Nathy Peluso foi a artista que teve a função de aquecer o público para C. Tangana, e, curiosamente, colaboraram em Ateo. A expectativa era que ouvíssemos pelo menos uma versão de Ateo com os dois, mas a verdade é que tivemos direito a duas versões: uma em cada concerto e bastante diferentes.

Chega a hora do concerto e aparece uma cortina em palco. Por detrás da cortina, em pose de super-mulher, aparece Natalia Peluso. Nathy tem uma performance ardente e acompanhada por uma belíssima banda. O público nas primeiras filas fica entusiasmado com cada música trazida pela argentina-espanhola. O único ponto negativo a destacar é mesmo a qualidade do som – Nathy foi atraiçoada pela acústica do Altice Arena.

Acompanhada por uma grande banda e com muita dança pelo meio, Nathy passou pelos maiores hits como Mafiosa, Nathy Peluso: Bzrp Music Sessions, Vol. 36, também conhecida por Nasty Girl, e Buenos Aires. Fechou um belo concerto e deixou o público com água na boca para o que se seguia.

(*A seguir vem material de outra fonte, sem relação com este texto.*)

Lemma pairing_potential u v i j : (i < m)%N -> (j < n)%N ->
  pairing (potential u v) i j = u i + v j.
Proof.
move=> Hi Hj; rewrite pairingE.
have oget_pot a : (a < N)%N -> oget (potential u v 0) a =
    if (a < m - 1)%N then u a - u (m - 1)%N
    else if a == (m - 1)%N then u (m - 1)%N + v (n - 1)%N else v (a - m)%N - v (n - 1)%N.
  by move=> Ha; rewrite /oget insubT /= mxE.
have -> : oget (potential u v 0) (m - 1) = u (m - 1)%N + v (n - 1)%N.
  by rewrite oget_pot ?ltnn ?eqxx //; lia.
case: (ltnP i (m - 1)) => Hi'; case: (ltnP j (n - 1)) => Hj'.
- rewrite !oget_pot; try lia.
  have -> : (m + j < m - 1)%N = false by lia.
  have -> : (m + j == m - 1)%N = false by lia.
  have -> : (m + j - m)%N = j by lia.
  by rewrite Hi'; ring.
- rewrite oget_pot; last lia.
  have -> : j = (n - 1)%N by lia.
  by rewrite Hi'; ring.
- rewrite oget_pot; last lia.
  have -> : (m + j < m - 1)%N = false by lia.
  have -> : (m + j == m - 1)%N = false by lia.
  have -> : (m + j - m)%N = j by lia.
  have -> : i = (m - 1)%N by lia.
  by ring.
- have -> : i = (m - 1)%N by lia.
  have -> : j = (n - 1)%N by lia.
  by ring.
Qed.

Definition sorted_codes S := sort leq [seq val x | x <- enum S].

Lemma size_sorted_codes S : size (sorted_codes S) = #|S|.
Proof. by rewrite size_sort size_map cardE. Qed.

Lemma mem_sorted_codes S (a : nat) :
  (a \in sorted_codes S) = (if insub a is Some x then x \in S else false).
Proof.
rewrite mem_sort; case: insubP => [x _ <-|Ha]; first by rewrite (mem_map val_inj) mem_enum.
by apply/negbTE/mapP => [[x _ Ex]]; move: Ha; rewrite Ex ltn_ord.
Qed.

Lemma sth_lt S k : (sth S k < m * n)%N.
Proof.
case: (ltnP k (size (sorted_codes S))) => Hk; last first.
  by rewrite /sth nth_default // muln_gt0; apply/andP; split; lia.
by have := mem_nth 0%N Hk; rewrite mem_sorted_codes; case: insubP => // x _ <- _.
Qed.

Definition sth_ord S k : 'I_(m * n) := Ordinal (sth_lt S k).

Lemma sth_ord_in S k : (k < #|S|)%N -> sth_ord S k \in S.
Proof.
rewrite -size_sorted_codes => /(mem_nth 0%N); rewrite mem_sorted_codes.
by case: insubP => [y _ Ey|]; [congr (_ \in S); apply: val_inj | rewrite /= sth_lt].
Qed.

Lemma sth_inj S k1 k2 : (k1 < #|S|)%N -> (k2 < #|S|)%N -> sth S k1 = sth S k2 -> k1 = k2.
Proof.
rewrite -size_sorted_codes => H1 H2 E; apply/eqP.
rewrite -(nth_uniq 0%N H1 H2); first exact/eqP.
by rewrite sort_uniq map_inj_uniq ?enum_uniq //; apply: val_inj.
Qed.

Lemma sth_surj S x : x \in S -> exists2 k, (k < #|S|)%N & sth_ord S k = x.
Proof.
move=> Hx; have Hmem : val x \in sorted_codes S by rewrite mem_sorted_codes valK.
exists (index (val x) (sorted_codes S)); first by rewrite -size_sorted_codes index_mem.
by apply: val_inj; rewrite /= /sth nth_index.
Qed.

Lemma code_lt (c : cell) : (c.1 * n + c.2 < m * n)%N.
Proof.
have lt_c : (c.1 * n + c.2 < c.1.+1 * n)%N by rewrite mulSn addnC ltn_add2r.
by apply: leq_trans lt_c _; rewrite leq_mul2r ltn_ord orbT.
Qed.

Definition code (c : cell) : 'I_(m * n) := Ordinal (code_lt c).

Lemma decode_lt1 (x : 'I_(m * n)) : (x %/ n < m)%N.
Proof. by rewrite ltn_divLR ?ltn_ord //; lia. Qed.

Lemma decode_lt2 (x : 'I_(m * n)) : (x %% n < n)%N.
Proof. by rewrite ltn_mod; lia. Qed.

Definition decode (x : 'I_(m * n)) : cell := (Ordinal (decode_lt1 x), Ordinal (decode_lt2 x)).

Lemma decodeK : cancel decode code.
Proof. by move=> x; apply: val_inj; rewrite /= -divn_eq. Qed.

Lemma codeK : cancel code decode.
Proof.
have n0 : (0 < n)%N by lia.
case=> i j; congr pair; apply: val_inj => /=.
  by rewrite divnMDl // divn_small ?addn0.
by rewrite modnMDl modn_small.
Qed.

Definition cells S : {set cell} := [set c | code c \in S].
Definition codes T : {set 'I_(m * n)} := code @: T.

Lemma cells_codes T : cells (codes T) = T.
Proof. by apply/setP => c; rewrite inE mem_imset //; apply: can_inj codeK. Qed.

Lemma card_codes T : #|codes T| = #|T|.
Proof. by rewrite card_imset //; apply: can_inj codeK. Qed.

Lemma card_cells S : #|cells S| = #|S|.
Proof.
have -> : cells S = decode @: S.
  apply/setP => c; rewrite inE; apply/idP/imsetP => [Hc|[x Hx ->]]; last by rewrite decodeK.
  by exists (code c); rewrite ?codeK.
by rewrite card_imset //; apply: can_inj decodeK.
Qed.

Definition sth_cell S (k : 'I_N) : cell := decode (sth_ord S k).

Section CardN.
Variable S : {set 'I_(m * n)}.
Hypothesis card_S : #|S| = N.

Lemma sth_cell_in k : sth_cell S k \in cells S.
Proof. by rewrite inE decodeK sth_ord_in // card_S. Qed.

Lemma sth_cell_inj : injective (sth_cell S).
Proof.
move=> k1 k2 /(congr1 code); rewrite !decodeK => /(congr1 val) /= E.
by apply: val_inj; apply: (sth_inj (S := S)) E; rewrite card_S.
Qed.

Lemma sth_cell_surj c : c \in cells S -> exists k, sth_cell S k = c.
Proof.
rewrite inE => /sth_surj [k]; rewrite card_S => Hk Ek.
by exists (Ordinal Hk); rewrite /sth_cell /= Ek codeK.
Qed.

End CardN.

Definition embed S (x : 'cV[R]_N) : 'M[R]_(m, n) :=
  \matrix_(i, j) \sum_(k < N | (sth S k %/ n == i)%N && (sth S k %% n == j)%N) x k ord0.

Lemma embed_place S x : embed S x = place (fun k => x k ord0) (sth_cell S).
Proof.
apply/matrixP => i j; rewrite !mxE big_mkcond; apply: eq_bigr => k _.
by rewrite xpair_eqE -!val_eqE /=; case: (_ && _); rewrite ?mulr1 ?mulr0.
Qed.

O cabeça de cartaz foi DaBaby, e (infelizmente) o concerto foi tudo aquilo que se esperava do artista polémico. Se já se estava à espera de um atraso, não se estava à espera de um atraso de 45 minutos. Durante esses 45 minutos, o concerto ficou entregue a um DJ que estava ali a fazer tempo, para que DaBaby chegasse. Muitos temiam que DaBaby não chegasse sequer a atuar na Altice Arena.

Assim que sobe a palco, após expulsar do fosso todos os fotógrafos, pede moshpits e canta a tão conhecida Rockstar. A verdade é que DaBaby não acrescenta muito à sua música em concerto. Acaba por ir para o meio do público, mas tudo fica a saber a muito pouco. É um espetáculo muito genérico e pouco cuidado. Foram muitos os que saíram da Arena, mas os que ficaram continuaram a reagir efusivamente ao concerto do rapper americano.

Seguindo o concerto de C Tangana, todos se dirigiram para a Sala Tejo para o concerto de Capicua. Capicua é uma rapper do Porto que vem cada vez mais a consagrar-se no hip hop português, a verdade é que foi com Vayorken que Capicua chegou às rádios, mas conseguiu pegar nessa reputação e transformá-la em algo muito maior. O álbum Pérola já é um autêntico clássico do hip hop português, e hoje, no palco Somersby, pudemos ver uma pérola no centro do palco.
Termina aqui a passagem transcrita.